= Karl Schenkl =

Austrian classical philologist (1827–1900)

Karl Schenkl (Brno, 11 December 1827 – Graz, 20 September 1900) was an Austrian classical philologist.

==Biography==
Schenkl studied classical philology and law from 1845 to 1849 at the University of Vienna. After 1850 he taught at various gymnasiums, and in 1858 was appointed professor of classical philology at the University of Innsbruck, where he founded the Philological Institute in 1860. In 1863, he left for the University of Graz, and in the same year started a philological seminar and became a corresponding member of the Austrian Academy of Sciences; in 1868 he became a full member. Schenkl was rector at Graz from 1869 to 1870, and in 1870 became a member of the Gymnasialreformkommission (commission for the reform of the gymnasiums). In 1875, he was appointed professor at the University of Vienna.

Schenkl was co-founder in 1885 and president of the "Eranos Vindobonensis", a historical society associated with the University of Vienna's Institute for Classical Philology, Middle and Late Latin. With Wilhelm von Hartel he founded, in 1879, the journal Wiener Studien, and he was publisher of the series Bibliotheca Teubneriana. Schenkl edited Latin texts by the Church Fathers and others for the Corpus Scriptorum Ecclesiasticorum Latinorum (CSEL), and published a number of important textbooks; his Griechisches Elementarbuch (1852) was used in Austrian schools for 70 years, and his students' dictionary of Ancient Greek was still in use in 2009. His interests also extended to Sanskrit, his lectures on which paved the way for the later foundation of the chair of comparative linguistics at Graz, and fairytales; his 1864 article "Das Märchen von Schneewittchen und Shakespeare's Cymbeline" is one of the earliest studies of "Snow White".

In 1919 a plaque honoring Schenkl was unveiled in the arcaded courtyard of the University of Vienna.
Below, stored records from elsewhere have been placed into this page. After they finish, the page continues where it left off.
Lemma submatrix_rank_mode_perm Y W k : mode_perm Y W ->
  submatrix_rank Y k -> submatrix_rank W k.
Proof.
move=> /[dup] YW /mode_permE [g [h [gh YWg]]]; have [Hg Hh _ Hgh] := gh.
have [EW _ _] := YWg.
have YW0 : is_zero Y <-> is_zero W.
  by split; apply: sim_zero; [|apply: rst_sym]; apply: rst_step; right.
have dW1 n p : (n < tord Y)%N -> n != g p -> dim W n = dim Y (h n) /\ h n != p.
  move=> Hn np; split; first exact: mode_perm_by_dim gh YWg Hn.
  by apply: contra np => /eqP <-; rewrite Hgh.
case=> [[p [Hp [Hd Hk]]]|[p [q [pq [Hq [Hd ->]]]]]].
  left; exists (g p); rewrite EW; split; first exact: Hg.
  split; last tauto.
  by move=> n Hn np; have [-> hnp] := dW1 n p Hn np; apply: Hd; rewrite ?Hh.
have Hp : (p < tord Y)%N by apply: ltn_trans pq Hq.
have pq' : p != q by rewrite neq_ltn pq.
have Hd' n : (n < tord Y)%N -> n != g p -> n != g q -> dim W n = 1%N.
  move=> Hn np nq; have [-> hnp] := dW1 n p Hn np; have [_ hnq] := dW1 n q Hn nq.
  by apply: Hd; rewrite ?Hh.
have gpq : g p != g q by rewrite (perm_pair_inj gh).
right; rewrite EW -(flatmx_rank_mode_perm_by gh YWg pq' Hp Hq).
case: (ltngtP (g p) (g q)) => [lt|gt|eq]; last by rewrite eq eqxx in gpq.
  by exists (g p), (g q); split=> //; split; [exact: Hg | split].
exists (g q), (g p); rewrite (flatmx_rank_swap _ gpq); split=> //; split; first exact: Hg.
by split=> // n Hn nq np; exact: Hd'.
Qed.

Lemma submatrix_rank_sim Y W k : sim Y W -> submatrix_rank Y k -> submatrix_rank W k.
Proof.
move=> YW; have step Z Z' : sim_step Z Z' -> submatrix_rank Z k -> submatrix_rank Z' k.
  case=> [[a [a0 ZZ']]|ZZ']; [exact: submatrix_rank_scaled ZZ' | exact: submatrix_rank_mode_perm].
by have [] := sim_invariant step YW.
Qed.

End Flattening.

Section SpecialTensors.
Variable R : fieldType.
Implicit Types X Y Z W : tensor R.

Lemma tord1_rank_one X : tord X = 1%N -> ~ is_zero X -> rank_one X.
Proof.
move=> X1 /nonzero_ent [i Hi Xi].
have const (j : nat -> nat) : ent X j = ent X (fun=> j 0%N).
  by apply: eq_ent => n; rewrite X1; case: n.
exists (fun _ k => ent X (fun _ => k)); split=> [n Hn|j Hj].
  have n0 : n = 0%N by move: Hn; rewrite X1; case: n.
  by exists (i 0%N); rewrite -const n0 Hi // X1.
by rewrite const; move: (tord X) X1 => t ->; rewrite big_ord1.
Qed.

Lemma identity_dims M N X :
  is_identity M N X -> tord X = N /\ forall n, (n < tord X)%N -> dim X n = M.
Proof. by case=> XN [Hd _]; split=> // n; rewrite XN; apply: Hd. Qed.

Lemma identity_gt0 M N X : is_identity M N X -> (0 < M)%N.
Proof. by move=> /identity_dims [_ Hd]; rewrite -(Hd 0%N (tord_gt0 X)) dim_gt0 ?tord_gt0. Qed.

Lemma identity_ent M N X i : is_identity M N X -> (forall n, i n < M)%N ->
  ent X i = if [forall n : 'I_N, i n == i 0%N] then 1 else 0.
Proof.
move=> IX Hi; have [_ Hd] := identity_dims IX; case: IX => _ [_ ->] //.
by move=> n Hn; rewrite Hd.
Qed.

Lemma identity_neq0 M N X : is_identity M N X -> ~ is_zero X.
Proof.
move=> IX /is_zeroP X0; have := identity_ent (i := fun=> 0%N) IX.
rewrite X0 => /(_ (fun=> identity_gt0 IX)).
by case: forallP => // _ /eqP; rewrite eq_sym oner_eq0.
Qed.

Lemma identity1_rank_one N X : is_identity 1 N X -> rank_one X.
Proof.
move=> IX; have [XN Hd] := identity_dims IX; case: IX => _ [_ Hent].
exists (fun _ _ => 1); split=> [n Hn|i Hi]; first by exists 0%N; rewrite Hd // oner_eq0.
have i0 m : (m < N)%N -> i m = 0%N.
  move=> Hm; have HmX : (m < tord X)%N by rewrite XN.
  by apply/eqP; rewrite -leqn0 -ltnS -(Hd m HmX) Hi.
rewrite Hent // big1 //; case: forallP => // -[] n.
by rewrite !i0 // -XN tord_gt0.
Qed.

Lemma identity_not_rank_one M N X : (2 <= N)%N -> (2 <= M)%N ->
  is_identity M N X -> ~ rank_one X.
Proof.
move=> N2 M2 IX [a [_ Ha]]; have [XN _] := identity_dims IX.
have small i : (forall n, i n <= 1)%N -> ent X i = \prod_(n < tord X) a n (i n).
  move=> Hi; rewrite Ha // => n Hn; have [_ ->] := identity_dims IX; last exact: Hn.
  exact: leq_ltn_trans (Hi n) M2.
have diag c : (c <= 1)%N -> forall n : 'I_(tord X), a n c != 0.
  move=> Hc n; have : \prod_(n < tord X) a n c != 0.
    rewrite -(small (fun=> c) (fun=> Hc)) (identity_ent IX); last by move=> m; exact: leq_ltn_trans Hc M2.
    by case: forallP => [_|[]//]; rewrite oner_eq0.
  by move/prodf_neq0/(_ n isT).
pose i2 n : nat := n != 0%N.
have i2_le1 n : (i2 n <= 1)%N by rewrite /i2; case: (_ != _).
have : ent X i2 != 0 by rewrite small //; apply/prodf_neq0 => n _; exact: diag.
rewrite (identity_ent IX); last by move=> n; exact: leq_ltn_trans (i2_le1 n) M2.
by case: forallP => [/(_ (Ordinal N2))|]; rewrite ?eqxx.
Qed.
He was the father of philologist Heinrich Schenkl.

==Selected works==

===For the CSEL===
- Ambrose, Hexameron, De paradiso, De Cain, De Noe, De Abraham, De Isaac, De bono mortis. 1896, Vol. 32/1
- Ambrose, De Iacob, De Ioseph, De patriarchis, De fuga saeculi, De interpellatione Iob et David, De apologia prophetae David, De Helia, De Nabuthae, De Tobia. 1897, Vol. 32/2
- Ambrose, Expositio evangelii secundum Lucam. 1902, Vol. 32/4
- Sancti Paulini epigramma, Versus ad gratiam domini, De verbi incarnatione, De ecclesia. 1888, Vol. 16/1
- Claudius Marius Victor, Alethia. 1888, Vol. 16/1
- Faltonia Betitia Proba, Cento. 1888, Vol. 16/1

==Sources==

- Schenkl, Karl, in: Deutsche Biographische Enzyklopädie, vol. 8, p. 607
- Alois Kernbauer: "Karl Schenkl (1863/64-1875)". In Das Fach Klassische Philologie an der Universität Graz vom Anfang des 19. Jahrhunderts bis zur Gegenwart. Mit Beiträgen von Herbert H. Egglmaier, Walter Höflechner, Alois Kernbauer, Walter Primig, Peter G. Tropper, Franz-Anton Wallisch. Beiträge und Materialien zur Geschichte der Wissenschaften in Österreich Ed. Walter Höflechner (Publikationen aus dem Archiv der Universität Graz 11), Graz 1981, 38–52.